╭──

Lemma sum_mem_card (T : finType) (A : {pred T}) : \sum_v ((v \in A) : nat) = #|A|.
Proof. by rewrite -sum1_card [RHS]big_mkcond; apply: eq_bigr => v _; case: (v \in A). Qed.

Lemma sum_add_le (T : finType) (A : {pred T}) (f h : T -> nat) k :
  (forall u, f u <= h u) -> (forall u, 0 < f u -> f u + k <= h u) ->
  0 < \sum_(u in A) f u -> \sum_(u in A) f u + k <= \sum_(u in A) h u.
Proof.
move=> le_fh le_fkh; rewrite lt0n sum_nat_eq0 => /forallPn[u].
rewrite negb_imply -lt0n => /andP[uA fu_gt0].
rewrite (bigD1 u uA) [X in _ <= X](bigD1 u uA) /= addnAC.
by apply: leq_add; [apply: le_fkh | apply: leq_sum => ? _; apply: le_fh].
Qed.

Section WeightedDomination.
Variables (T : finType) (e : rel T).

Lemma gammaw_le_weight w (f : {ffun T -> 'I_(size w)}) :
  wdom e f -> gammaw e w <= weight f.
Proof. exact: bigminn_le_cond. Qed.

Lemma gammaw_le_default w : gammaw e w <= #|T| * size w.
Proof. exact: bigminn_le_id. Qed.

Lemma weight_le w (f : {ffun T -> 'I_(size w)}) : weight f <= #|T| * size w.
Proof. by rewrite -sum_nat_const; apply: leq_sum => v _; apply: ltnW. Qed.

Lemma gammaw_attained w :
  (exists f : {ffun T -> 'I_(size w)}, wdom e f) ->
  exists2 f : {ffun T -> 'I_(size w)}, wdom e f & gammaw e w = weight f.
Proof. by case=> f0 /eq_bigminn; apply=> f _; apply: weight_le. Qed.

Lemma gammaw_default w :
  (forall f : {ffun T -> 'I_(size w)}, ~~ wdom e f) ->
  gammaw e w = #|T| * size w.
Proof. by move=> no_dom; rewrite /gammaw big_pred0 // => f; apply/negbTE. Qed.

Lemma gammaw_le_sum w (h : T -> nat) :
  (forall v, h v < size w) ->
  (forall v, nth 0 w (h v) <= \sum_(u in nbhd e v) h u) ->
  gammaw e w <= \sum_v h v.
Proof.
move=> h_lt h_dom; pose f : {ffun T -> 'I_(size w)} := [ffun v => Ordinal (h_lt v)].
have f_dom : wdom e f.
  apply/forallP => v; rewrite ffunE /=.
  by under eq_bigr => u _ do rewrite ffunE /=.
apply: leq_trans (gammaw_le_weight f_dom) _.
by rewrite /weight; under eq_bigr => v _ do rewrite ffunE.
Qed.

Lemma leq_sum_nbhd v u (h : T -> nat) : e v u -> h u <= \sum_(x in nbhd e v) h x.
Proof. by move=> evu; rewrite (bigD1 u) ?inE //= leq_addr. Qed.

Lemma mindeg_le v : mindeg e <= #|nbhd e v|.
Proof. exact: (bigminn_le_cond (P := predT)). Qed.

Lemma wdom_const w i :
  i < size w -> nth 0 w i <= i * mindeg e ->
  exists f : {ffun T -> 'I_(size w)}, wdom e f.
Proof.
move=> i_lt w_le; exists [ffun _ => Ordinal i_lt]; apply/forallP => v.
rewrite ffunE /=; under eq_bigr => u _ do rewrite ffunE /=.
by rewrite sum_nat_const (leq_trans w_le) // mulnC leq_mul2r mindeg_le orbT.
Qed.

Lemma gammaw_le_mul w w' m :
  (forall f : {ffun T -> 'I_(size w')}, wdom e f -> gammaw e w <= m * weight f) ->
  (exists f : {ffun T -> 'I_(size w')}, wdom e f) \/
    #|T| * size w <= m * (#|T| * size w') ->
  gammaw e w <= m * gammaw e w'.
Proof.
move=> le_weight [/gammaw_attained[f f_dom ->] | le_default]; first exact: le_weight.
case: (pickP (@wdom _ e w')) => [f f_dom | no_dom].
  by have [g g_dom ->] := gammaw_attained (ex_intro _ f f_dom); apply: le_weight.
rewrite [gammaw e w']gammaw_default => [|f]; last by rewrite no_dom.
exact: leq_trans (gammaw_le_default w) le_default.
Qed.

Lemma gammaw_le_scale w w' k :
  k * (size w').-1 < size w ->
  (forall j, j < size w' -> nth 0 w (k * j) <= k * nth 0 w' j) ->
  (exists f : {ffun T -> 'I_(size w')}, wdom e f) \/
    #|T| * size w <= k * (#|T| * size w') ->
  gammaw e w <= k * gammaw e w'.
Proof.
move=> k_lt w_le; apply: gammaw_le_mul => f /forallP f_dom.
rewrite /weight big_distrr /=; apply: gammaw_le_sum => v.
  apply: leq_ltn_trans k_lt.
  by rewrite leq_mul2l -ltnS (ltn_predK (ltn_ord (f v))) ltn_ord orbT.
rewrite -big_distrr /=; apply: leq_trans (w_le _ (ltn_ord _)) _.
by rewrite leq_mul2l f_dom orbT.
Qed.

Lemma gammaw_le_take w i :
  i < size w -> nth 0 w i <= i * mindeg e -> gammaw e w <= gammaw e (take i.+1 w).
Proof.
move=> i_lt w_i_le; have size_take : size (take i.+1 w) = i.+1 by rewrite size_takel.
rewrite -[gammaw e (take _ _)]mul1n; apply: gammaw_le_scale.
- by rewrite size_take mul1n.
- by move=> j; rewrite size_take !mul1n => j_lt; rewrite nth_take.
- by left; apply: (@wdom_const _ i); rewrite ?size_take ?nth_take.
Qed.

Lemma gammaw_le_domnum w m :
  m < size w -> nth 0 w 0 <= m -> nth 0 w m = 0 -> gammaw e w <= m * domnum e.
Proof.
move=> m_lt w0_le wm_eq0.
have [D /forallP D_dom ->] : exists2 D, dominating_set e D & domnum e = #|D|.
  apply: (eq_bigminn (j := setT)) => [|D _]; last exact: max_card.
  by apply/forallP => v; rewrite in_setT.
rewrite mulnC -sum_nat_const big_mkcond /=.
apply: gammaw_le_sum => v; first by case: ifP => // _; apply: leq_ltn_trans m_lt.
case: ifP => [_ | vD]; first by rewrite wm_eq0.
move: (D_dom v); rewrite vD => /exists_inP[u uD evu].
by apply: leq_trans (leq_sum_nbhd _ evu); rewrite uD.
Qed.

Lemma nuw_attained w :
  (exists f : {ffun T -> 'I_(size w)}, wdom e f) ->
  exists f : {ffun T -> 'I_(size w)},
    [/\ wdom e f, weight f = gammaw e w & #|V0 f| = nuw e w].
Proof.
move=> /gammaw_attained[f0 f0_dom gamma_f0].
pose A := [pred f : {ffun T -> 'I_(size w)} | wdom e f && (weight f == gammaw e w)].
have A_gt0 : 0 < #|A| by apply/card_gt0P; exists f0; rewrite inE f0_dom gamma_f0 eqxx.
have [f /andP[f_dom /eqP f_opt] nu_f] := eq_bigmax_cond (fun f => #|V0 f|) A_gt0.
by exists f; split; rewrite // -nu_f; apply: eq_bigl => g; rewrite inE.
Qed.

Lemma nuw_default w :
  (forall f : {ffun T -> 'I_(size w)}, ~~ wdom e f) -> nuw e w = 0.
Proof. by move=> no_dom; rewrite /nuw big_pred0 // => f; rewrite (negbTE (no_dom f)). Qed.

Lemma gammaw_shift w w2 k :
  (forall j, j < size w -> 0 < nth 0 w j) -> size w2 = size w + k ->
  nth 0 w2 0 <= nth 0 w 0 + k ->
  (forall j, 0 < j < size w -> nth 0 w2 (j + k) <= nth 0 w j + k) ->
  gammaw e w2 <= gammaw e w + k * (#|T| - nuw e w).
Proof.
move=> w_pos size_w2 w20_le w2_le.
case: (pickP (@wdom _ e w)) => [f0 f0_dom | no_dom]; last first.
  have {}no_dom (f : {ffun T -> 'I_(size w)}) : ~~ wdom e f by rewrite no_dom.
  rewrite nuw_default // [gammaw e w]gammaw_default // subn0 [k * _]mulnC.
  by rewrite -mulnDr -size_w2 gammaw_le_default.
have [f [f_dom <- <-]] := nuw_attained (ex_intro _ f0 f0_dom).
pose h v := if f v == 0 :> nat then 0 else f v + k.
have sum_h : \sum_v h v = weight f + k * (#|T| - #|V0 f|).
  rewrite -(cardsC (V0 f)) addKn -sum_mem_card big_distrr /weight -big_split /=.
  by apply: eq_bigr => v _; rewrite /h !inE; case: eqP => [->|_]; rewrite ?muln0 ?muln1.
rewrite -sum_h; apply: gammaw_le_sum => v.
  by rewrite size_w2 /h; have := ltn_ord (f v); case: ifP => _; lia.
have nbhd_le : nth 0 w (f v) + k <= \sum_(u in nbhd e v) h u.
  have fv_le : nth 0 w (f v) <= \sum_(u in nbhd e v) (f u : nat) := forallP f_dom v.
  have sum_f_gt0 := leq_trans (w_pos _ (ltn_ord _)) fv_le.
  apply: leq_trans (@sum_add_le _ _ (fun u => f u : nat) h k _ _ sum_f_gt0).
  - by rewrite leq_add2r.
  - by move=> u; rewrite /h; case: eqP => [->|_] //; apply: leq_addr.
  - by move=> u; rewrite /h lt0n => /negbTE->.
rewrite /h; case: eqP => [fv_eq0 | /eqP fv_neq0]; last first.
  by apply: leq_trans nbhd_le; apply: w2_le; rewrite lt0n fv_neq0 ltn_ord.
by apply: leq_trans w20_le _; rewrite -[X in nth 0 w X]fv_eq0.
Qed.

╰──
╭──

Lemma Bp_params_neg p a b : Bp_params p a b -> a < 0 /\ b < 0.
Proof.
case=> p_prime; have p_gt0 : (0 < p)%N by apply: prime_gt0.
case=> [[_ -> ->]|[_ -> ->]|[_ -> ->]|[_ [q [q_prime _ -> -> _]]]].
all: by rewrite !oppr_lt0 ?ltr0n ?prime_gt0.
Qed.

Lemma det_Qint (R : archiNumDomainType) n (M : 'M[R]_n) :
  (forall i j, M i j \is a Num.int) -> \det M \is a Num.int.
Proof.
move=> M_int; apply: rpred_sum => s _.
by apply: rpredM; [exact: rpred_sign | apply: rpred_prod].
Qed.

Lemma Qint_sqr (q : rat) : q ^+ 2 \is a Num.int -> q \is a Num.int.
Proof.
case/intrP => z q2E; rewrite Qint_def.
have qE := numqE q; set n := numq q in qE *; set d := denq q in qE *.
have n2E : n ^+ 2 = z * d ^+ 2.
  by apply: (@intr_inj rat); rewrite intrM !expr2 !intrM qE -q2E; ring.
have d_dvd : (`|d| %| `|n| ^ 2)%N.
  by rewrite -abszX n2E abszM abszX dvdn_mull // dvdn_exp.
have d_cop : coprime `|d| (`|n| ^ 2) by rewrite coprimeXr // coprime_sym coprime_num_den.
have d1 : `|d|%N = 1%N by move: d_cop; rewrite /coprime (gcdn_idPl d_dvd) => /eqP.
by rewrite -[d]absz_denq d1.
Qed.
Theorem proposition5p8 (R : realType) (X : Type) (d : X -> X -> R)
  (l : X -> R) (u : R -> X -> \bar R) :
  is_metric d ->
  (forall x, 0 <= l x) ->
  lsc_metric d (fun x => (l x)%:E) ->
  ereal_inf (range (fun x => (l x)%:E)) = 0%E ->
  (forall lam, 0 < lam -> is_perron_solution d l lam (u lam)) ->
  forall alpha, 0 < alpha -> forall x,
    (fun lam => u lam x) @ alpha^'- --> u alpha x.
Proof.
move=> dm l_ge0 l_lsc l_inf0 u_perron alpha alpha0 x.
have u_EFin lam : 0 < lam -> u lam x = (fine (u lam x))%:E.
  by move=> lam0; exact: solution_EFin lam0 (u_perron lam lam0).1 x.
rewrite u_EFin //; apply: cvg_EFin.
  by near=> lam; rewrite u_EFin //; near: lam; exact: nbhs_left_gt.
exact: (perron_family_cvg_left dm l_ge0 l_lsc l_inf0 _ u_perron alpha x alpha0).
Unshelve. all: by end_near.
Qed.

╰──

→ TRY IT:
Reproduce word for word the material above, beginning with the line that contains "(forall j, j < size w'" and ending with the line that contains "- by move=> j;".

→ SOLUTION TO THIS TASK:
  (forall j, j < size w' -> nth 0 w (k * j) <= k * nth 0 w' j) ->
  (exists f : {ffun T -> 'I_(size w')}, wdom e f) \/
    #|T| * size w <= k * (#|T| * size w') ->
  gammaw e w <= k * gammaw e w'.
Proof.
move=> k_lt w_le; apply: gammaw_le_mul => f /forallP f_dom.
rewrite /weight big_distrr /=; apply: gammaw_le_sum => v.
  apply: leq_ltn_trans k_lt.
  by rewrite leq_mul2l -ltnS (ltn_predK (ltn_ord (f v))) ltn_ord orbT.
rewrite -big_distrr /=; apply: leq_trans (w_le _ (ltn_ord _)) _.
by rewrite leq_mul2l f_dom orbT.
Qed.

Lemma gammaw_le_take w i :
  i < size w -> nth 0 w i <= i * mindeg e -> gammaw e w <= gammaw e (take i.+1 w).
Proof.
move=> i_lt w_i_le; have size_take : size (take i.+1 w) = i.+1 by rewrite size_takel.
rewrite -[gammaw e (take _ _)]mul1n; apply: gammaw_le_scale.
- by rewrite size_take mul1n.
- by move=> j; rewrite size_take !mul1n => j_lt; rewrite nth_take.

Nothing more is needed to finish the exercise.